#### [EXERCISE PROMPT]
Could you set down exactly the lines in the records below between the line holding "Rintegral D setT" and the line holding "Definition OPT (H", inclusive?

• • • • •

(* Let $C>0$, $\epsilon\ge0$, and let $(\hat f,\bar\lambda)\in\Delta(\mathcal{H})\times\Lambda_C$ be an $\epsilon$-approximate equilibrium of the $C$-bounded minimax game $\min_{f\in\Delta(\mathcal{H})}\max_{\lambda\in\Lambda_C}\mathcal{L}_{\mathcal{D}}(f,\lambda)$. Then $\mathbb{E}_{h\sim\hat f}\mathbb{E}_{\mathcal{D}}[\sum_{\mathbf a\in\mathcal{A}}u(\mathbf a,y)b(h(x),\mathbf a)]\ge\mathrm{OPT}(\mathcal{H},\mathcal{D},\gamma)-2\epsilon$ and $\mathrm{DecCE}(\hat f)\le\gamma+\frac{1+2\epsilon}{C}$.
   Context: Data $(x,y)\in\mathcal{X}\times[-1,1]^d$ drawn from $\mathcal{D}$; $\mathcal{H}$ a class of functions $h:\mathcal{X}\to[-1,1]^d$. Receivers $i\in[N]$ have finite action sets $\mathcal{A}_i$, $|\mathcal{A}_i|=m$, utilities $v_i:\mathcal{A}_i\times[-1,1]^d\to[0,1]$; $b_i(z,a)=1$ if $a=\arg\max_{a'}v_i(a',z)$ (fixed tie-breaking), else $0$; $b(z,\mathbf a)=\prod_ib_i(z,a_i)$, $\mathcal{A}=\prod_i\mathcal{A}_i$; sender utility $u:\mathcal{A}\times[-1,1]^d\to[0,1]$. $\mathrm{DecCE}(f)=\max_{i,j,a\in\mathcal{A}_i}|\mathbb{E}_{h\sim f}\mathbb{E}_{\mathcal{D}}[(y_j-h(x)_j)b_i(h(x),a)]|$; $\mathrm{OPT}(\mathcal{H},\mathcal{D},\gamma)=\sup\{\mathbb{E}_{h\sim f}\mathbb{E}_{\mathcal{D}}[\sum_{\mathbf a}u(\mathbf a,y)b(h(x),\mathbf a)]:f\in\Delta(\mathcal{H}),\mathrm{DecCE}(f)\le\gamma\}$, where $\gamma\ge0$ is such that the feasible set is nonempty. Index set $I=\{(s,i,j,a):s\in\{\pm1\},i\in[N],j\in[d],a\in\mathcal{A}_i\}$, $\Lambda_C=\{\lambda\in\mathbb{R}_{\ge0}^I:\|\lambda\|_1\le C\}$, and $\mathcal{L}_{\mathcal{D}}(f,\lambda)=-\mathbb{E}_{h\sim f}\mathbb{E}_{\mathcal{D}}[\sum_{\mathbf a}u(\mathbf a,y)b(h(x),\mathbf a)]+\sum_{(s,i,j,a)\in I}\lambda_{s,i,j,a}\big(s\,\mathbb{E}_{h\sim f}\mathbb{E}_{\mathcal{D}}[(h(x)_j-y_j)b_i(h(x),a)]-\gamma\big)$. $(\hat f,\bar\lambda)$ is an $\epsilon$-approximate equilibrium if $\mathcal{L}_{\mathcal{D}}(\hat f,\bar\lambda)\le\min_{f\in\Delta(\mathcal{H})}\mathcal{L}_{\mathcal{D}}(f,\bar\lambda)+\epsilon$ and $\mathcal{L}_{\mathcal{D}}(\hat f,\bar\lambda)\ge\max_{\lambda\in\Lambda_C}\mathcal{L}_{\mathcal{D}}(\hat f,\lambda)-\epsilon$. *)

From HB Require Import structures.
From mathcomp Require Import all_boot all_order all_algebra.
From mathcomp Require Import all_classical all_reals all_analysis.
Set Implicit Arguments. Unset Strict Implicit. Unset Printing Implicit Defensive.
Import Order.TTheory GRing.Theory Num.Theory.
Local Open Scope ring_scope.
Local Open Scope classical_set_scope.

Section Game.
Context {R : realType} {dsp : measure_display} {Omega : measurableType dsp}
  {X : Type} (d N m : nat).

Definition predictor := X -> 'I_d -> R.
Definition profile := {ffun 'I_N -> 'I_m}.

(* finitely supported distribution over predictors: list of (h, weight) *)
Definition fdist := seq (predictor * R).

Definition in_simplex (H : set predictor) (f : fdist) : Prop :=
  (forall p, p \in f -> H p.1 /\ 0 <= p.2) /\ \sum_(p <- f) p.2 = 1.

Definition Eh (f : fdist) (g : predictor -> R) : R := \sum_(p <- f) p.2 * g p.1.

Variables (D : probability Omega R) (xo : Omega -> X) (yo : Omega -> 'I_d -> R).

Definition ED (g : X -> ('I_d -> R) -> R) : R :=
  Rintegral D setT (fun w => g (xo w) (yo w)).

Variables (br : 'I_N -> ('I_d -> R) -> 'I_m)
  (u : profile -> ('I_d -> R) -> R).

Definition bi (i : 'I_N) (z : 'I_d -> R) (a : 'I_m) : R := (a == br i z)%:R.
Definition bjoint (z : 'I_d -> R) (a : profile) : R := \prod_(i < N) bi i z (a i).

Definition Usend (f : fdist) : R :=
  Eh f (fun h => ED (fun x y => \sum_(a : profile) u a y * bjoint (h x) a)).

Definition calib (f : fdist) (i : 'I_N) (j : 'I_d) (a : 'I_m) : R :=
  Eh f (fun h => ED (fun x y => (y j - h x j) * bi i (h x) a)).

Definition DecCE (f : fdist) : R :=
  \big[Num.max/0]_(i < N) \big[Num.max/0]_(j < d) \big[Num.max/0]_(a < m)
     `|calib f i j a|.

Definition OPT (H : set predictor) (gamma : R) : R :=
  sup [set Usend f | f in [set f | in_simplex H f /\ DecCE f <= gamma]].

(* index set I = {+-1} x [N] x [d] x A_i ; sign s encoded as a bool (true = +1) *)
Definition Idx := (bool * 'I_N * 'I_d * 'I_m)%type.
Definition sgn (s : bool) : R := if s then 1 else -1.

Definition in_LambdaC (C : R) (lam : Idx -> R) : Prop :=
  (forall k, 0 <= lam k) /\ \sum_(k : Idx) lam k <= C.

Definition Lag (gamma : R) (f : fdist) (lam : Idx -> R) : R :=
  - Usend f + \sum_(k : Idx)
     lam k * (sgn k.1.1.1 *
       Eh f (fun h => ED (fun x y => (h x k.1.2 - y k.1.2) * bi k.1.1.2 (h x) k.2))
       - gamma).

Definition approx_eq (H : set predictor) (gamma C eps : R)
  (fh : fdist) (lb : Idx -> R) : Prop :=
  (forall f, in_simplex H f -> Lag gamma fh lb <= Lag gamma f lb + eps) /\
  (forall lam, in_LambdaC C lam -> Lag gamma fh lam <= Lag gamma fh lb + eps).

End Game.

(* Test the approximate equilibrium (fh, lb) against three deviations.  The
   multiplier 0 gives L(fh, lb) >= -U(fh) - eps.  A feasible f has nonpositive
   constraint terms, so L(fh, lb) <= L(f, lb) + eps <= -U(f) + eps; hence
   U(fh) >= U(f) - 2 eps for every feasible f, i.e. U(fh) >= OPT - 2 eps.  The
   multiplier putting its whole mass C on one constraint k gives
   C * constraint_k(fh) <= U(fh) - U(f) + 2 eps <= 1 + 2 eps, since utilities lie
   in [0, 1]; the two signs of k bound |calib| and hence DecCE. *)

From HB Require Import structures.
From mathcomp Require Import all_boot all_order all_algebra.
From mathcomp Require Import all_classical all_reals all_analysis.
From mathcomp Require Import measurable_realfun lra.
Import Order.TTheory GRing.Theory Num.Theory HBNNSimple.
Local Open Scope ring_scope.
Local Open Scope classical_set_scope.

• • • • •

#### [RESPONSE TO THE EXERCISE]
  Rintegral D setT (fun w => g (xo w) (yo w)).

Variables (br : 'I_N -> ('I_d -> R) -> 'I_m)
  (u : profile -> ('I_d -> R) -> R).

Definition bi (i : 'I_N) (z : 'I_d -> R) (a : 'I_m) : R := (a == br i z)%:R.
Definition bjoint (z : 'I_d -> R) (a : profile) : R := \prod_(i < N) bi i z (a i).

Definition Usend (f : fdist) : R :=
  Eh f (fun h => ED (fun x y => \sum_(a : profile) u a y * bjoint (h x) a)).

Definition calib (f : fdist) (i : 'I_N) (j : 'I_d) (a : 'I_m) : R :=
  Eh f (fun h => ED (fun x y => (y j - h x j) * bi i (h x) a)).

Definition DecCE (f : fdist) : R :=
  \big[Num.max/0]_(i < N) \big[Num.max/0]_(j < d) \big[Num.max/0]_(a < m)
     `|calib f i j a|.

Definition OPT (H : set predictor) (gamma : R) : R :=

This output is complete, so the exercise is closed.